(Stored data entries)
────
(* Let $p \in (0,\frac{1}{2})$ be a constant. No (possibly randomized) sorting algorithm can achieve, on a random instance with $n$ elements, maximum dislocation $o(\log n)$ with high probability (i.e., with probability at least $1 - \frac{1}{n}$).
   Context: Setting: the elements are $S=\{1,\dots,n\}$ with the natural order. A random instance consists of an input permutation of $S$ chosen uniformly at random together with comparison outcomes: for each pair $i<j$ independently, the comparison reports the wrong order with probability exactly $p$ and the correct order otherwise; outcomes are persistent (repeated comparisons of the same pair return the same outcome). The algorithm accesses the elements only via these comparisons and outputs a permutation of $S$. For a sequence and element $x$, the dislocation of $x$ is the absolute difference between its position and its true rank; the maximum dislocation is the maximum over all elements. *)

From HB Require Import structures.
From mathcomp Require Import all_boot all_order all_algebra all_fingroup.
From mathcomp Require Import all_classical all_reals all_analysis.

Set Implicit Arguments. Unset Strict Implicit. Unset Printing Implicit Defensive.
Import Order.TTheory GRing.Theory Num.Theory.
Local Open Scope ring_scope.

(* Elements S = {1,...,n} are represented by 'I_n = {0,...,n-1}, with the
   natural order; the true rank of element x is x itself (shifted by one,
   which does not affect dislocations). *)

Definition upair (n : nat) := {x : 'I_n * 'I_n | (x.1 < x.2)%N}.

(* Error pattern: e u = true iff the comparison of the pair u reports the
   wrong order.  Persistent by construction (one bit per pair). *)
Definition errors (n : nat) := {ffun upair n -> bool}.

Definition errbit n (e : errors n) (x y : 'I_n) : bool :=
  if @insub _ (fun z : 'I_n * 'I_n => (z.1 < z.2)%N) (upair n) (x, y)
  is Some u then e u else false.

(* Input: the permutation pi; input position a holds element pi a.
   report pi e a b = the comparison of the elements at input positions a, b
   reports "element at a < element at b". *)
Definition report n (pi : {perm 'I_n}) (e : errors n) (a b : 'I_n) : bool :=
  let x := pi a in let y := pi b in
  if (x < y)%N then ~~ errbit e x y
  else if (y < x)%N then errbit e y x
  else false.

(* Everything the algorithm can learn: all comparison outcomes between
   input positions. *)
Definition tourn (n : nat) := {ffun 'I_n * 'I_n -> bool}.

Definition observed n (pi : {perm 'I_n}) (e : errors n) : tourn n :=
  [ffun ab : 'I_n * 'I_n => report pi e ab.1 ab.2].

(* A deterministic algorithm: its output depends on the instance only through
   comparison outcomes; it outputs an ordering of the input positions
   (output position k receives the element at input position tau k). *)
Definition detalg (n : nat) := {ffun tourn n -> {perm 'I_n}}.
────
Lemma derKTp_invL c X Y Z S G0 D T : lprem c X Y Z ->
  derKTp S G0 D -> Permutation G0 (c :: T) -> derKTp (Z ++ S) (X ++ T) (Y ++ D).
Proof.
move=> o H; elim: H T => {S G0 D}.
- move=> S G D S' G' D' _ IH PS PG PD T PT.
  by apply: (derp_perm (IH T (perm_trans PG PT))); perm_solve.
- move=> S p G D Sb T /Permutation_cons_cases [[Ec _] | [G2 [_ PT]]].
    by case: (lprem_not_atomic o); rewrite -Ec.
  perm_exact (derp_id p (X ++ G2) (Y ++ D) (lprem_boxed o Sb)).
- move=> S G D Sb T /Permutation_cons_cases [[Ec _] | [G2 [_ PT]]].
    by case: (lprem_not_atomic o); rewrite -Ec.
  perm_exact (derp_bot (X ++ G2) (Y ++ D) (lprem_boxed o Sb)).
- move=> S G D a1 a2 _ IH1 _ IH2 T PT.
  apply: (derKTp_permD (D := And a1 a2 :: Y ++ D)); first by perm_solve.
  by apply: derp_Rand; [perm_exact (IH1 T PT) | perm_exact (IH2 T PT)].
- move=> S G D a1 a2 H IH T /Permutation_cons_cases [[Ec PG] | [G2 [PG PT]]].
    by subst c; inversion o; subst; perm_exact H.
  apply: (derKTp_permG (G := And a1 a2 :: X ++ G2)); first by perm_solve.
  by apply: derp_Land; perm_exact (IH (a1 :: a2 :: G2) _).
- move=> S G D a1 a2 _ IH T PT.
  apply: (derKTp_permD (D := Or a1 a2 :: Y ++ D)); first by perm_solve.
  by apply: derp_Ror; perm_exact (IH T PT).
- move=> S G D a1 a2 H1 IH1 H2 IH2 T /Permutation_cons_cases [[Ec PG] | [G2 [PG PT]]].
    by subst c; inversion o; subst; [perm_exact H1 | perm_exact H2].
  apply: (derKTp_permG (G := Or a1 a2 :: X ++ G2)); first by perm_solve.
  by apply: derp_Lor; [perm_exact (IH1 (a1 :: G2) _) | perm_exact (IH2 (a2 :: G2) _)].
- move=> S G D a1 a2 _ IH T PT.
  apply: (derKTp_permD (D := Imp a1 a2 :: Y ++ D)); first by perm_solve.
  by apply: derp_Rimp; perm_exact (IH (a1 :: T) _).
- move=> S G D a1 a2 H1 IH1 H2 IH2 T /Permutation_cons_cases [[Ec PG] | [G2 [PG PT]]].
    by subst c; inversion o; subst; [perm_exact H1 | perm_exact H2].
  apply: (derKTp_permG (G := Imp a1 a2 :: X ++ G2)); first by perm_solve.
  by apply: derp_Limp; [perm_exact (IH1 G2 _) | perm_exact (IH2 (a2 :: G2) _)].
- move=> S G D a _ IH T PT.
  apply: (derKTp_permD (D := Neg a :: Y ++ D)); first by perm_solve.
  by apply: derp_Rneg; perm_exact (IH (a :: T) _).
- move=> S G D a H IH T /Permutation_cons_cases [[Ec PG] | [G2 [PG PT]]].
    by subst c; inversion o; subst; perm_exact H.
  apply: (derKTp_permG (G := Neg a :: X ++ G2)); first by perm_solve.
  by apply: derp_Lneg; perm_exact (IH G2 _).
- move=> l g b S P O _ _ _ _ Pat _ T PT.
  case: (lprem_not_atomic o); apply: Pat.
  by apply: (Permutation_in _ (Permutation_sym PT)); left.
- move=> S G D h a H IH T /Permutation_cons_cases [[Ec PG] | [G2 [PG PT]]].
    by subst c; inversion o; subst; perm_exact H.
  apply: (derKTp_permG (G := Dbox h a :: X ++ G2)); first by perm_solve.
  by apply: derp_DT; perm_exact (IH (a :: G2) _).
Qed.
────
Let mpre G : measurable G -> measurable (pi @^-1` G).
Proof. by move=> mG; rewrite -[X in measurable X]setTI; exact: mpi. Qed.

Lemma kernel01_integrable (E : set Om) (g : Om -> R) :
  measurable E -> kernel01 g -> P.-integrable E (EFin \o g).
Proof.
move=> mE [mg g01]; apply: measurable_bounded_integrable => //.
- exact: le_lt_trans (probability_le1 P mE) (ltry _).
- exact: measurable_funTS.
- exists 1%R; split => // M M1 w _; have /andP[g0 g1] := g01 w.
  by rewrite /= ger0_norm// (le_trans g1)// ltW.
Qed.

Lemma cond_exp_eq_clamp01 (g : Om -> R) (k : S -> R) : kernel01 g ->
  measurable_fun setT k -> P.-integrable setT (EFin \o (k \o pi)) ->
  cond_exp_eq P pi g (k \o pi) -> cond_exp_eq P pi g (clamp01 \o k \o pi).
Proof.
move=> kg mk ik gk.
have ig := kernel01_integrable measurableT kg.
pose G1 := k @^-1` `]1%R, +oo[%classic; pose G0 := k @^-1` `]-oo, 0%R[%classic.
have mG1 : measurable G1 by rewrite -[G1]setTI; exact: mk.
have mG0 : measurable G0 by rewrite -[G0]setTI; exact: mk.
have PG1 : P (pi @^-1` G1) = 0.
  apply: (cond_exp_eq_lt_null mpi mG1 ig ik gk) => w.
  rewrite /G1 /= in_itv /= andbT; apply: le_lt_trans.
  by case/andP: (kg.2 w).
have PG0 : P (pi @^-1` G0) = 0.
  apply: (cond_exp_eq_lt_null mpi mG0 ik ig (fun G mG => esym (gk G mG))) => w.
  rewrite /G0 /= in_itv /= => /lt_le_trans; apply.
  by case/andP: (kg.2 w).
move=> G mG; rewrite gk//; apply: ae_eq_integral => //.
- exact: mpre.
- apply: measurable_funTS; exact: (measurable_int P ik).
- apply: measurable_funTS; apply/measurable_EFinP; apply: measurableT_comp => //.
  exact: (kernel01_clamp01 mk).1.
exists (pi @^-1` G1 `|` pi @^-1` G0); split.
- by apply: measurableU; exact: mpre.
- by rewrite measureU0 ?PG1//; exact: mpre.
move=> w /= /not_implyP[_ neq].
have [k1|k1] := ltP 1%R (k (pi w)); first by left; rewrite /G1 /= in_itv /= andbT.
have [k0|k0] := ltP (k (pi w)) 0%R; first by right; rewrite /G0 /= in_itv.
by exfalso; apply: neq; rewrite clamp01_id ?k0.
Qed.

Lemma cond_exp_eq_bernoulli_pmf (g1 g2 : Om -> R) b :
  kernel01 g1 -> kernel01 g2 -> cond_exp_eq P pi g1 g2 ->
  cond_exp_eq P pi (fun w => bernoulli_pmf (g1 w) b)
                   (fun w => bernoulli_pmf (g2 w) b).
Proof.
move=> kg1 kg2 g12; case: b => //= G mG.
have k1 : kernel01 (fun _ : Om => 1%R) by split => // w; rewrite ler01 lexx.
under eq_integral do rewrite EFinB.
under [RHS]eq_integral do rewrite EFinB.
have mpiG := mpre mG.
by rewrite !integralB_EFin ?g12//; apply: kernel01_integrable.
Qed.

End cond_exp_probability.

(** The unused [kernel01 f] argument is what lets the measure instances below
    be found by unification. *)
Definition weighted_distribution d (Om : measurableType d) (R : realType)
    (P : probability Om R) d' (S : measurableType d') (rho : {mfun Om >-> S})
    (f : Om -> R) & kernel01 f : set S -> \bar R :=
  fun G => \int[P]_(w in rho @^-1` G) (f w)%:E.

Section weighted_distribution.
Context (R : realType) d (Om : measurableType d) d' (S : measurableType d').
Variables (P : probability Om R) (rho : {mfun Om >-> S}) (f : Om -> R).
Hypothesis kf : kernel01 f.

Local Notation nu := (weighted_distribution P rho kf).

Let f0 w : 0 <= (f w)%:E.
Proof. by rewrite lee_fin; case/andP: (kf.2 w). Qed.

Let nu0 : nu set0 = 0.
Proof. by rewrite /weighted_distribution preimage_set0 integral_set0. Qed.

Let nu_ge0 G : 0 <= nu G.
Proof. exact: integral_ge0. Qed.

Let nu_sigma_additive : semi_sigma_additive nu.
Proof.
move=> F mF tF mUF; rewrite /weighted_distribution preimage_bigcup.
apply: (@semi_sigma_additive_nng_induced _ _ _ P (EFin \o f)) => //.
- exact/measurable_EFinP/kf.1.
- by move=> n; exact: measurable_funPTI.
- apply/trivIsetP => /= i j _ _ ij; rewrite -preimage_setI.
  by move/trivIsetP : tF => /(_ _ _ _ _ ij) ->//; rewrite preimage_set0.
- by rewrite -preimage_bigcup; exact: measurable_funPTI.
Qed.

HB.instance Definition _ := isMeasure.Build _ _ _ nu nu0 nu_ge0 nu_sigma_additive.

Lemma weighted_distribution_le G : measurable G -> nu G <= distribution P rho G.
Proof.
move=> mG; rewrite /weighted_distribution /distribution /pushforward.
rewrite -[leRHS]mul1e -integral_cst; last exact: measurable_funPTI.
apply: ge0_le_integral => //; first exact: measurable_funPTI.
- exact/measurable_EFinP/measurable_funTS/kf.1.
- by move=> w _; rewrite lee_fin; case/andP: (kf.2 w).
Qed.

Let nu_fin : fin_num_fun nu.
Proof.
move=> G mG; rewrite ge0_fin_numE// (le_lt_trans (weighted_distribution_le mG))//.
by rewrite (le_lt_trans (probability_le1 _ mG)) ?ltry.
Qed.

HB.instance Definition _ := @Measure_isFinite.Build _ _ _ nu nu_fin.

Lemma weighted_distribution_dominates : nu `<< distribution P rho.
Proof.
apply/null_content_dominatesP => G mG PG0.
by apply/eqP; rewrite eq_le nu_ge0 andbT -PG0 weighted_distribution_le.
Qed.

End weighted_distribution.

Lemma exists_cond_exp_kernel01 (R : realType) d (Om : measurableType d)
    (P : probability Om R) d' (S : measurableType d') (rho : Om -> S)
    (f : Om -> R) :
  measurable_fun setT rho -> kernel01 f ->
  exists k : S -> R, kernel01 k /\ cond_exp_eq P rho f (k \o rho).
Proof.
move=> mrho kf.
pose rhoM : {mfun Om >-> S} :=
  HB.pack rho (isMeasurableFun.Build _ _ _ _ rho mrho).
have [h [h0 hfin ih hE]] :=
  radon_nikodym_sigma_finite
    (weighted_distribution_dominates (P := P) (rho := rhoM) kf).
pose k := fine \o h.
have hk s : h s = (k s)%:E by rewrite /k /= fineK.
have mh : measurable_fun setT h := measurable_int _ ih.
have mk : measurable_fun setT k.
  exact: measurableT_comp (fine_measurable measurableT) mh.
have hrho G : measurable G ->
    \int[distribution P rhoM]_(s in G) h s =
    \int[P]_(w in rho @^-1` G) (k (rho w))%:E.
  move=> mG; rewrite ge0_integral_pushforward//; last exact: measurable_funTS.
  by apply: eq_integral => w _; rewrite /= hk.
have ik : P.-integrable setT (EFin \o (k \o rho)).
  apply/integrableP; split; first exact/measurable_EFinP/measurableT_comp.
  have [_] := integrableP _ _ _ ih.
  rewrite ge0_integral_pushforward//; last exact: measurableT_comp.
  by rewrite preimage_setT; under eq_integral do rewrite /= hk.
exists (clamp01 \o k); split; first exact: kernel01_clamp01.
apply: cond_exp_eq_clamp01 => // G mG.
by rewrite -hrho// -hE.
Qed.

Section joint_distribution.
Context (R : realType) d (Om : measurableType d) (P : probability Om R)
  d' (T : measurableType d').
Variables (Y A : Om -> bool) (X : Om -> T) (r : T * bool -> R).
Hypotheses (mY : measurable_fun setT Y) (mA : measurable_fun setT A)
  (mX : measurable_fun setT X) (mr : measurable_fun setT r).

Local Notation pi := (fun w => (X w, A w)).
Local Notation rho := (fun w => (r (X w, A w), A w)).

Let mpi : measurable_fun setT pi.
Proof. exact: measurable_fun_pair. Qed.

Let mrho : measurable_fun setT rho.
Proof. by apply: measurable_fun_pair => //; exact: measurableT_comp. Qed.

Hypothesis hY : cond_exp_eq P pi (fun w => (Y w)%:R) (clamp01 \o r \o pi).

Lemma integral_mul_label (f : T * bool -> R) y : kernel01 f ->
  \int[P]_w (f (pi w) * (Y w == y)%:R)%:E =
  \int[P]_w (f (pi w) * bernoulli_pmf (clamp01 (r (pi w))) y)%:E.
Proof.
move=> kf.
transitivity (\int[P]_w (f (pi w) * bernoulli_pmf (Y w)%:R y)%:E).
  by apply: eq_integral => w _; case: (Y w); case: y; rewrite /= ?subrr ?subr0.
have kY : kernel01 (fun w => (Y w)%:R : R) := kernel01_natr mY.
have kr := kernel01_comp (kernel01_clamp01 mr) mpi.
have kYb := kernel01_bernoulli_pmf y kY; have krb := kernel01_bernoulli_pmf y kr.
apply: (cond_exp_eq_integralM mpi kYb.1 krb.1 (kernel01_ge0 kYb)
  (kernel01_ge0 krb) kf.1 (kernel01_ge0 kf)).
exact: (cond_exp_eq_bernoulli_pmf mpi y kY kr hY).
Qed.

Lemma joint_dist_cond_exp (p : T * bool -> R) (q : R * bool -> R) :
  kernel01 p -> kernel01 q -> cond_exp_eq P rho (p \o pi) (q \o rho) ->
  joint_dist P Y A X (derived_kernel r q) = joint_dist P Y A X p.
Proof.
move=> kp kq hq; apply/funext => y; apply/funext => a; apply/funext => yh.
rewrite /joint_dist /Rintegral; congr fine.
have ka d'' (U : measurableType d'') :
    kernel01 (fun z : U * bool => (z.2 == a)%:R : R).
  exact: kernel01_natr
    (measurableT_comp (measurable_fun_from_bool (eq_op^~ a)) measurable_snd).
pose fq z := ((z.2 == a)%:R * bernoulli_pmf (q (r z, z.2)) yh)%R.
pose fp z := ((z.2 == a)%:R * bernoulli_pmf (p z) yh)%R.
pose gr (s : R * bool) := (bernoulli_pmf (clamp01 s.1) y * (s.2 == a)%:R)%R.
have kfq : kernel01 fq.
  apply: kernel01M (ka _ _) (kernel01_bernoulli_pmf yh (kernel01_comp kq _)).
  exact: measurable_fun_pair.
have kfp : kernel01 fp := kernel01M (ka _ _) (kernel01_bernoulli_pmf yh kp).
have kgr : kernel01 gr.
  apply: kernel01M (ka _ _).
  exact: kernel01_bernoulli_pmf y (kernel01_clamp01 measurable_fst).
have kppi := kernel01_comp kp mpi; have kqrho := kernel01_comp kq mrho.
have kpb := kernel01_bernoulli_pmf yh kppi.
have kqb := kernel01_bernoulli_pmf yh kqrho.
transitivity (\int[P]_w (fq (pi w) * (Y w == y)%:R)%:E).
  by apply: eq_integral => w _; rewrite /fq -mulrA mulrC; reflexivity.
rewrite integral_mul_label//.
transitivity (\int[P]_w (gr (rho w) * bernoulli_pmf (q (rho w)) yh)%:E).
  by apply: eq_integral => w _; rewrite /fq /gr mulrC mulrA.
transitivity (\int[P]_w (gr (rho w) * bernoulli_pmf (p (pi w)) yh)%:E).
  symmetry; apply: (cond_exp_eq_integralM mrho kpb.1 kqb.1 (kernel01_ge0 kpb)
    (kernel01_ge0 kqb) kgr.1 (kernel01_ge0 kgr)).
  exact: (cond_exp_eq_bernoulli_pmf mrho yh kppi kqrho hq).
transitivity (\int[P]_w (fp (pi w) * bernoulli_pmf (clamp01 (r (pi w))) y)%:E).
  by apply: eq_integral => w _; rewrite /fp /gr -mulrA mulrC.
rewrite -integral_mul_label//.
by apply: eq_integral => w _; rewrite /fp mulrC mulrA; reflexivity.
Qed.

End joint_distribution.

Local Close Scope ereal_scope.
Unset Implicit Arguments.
────
ACTION ITEM:
What you give back should be only the lines of the records above, starting at the line with "radon_nikodym_sigma_finite" and ending at the line with "have [_] := integrableP _ _ _ ih.", restated word for word.

FINAL ANSWER:
  radon_nikodym_sigma_finite
    (weighted_distribution_dominates (P := P) (rho := rhoM) kf).
pose k := fine \o h.
have hk s : h s = (k s)%:E by rewrite /k /= fineK.
have mh : measurable_fun setT h := measurable_int _ ih.
have mk : measurable_fun setT k.
  exact: measurableT_comp (fine_measurable measurableT) mh.
have hrho G : measurable G ->
    \int[distribution P rhoM]_(s in G) h s =
    \int[P]_(w in rho @^-1` G) (k (rho w))%:E.
  move=> mG; rewrite ge0_integral_pushforward//; last exact: measurable_funTS.
  by apply: eq_integral => w _; rewrite /= hk.
have ik : P.-integrable setT (EFin \o (k \o rho)).
  apply/integrableP; split; first exact/measurable_EFinP/measurableT_comp.
  have [_] := integrableP _ _ _ ih.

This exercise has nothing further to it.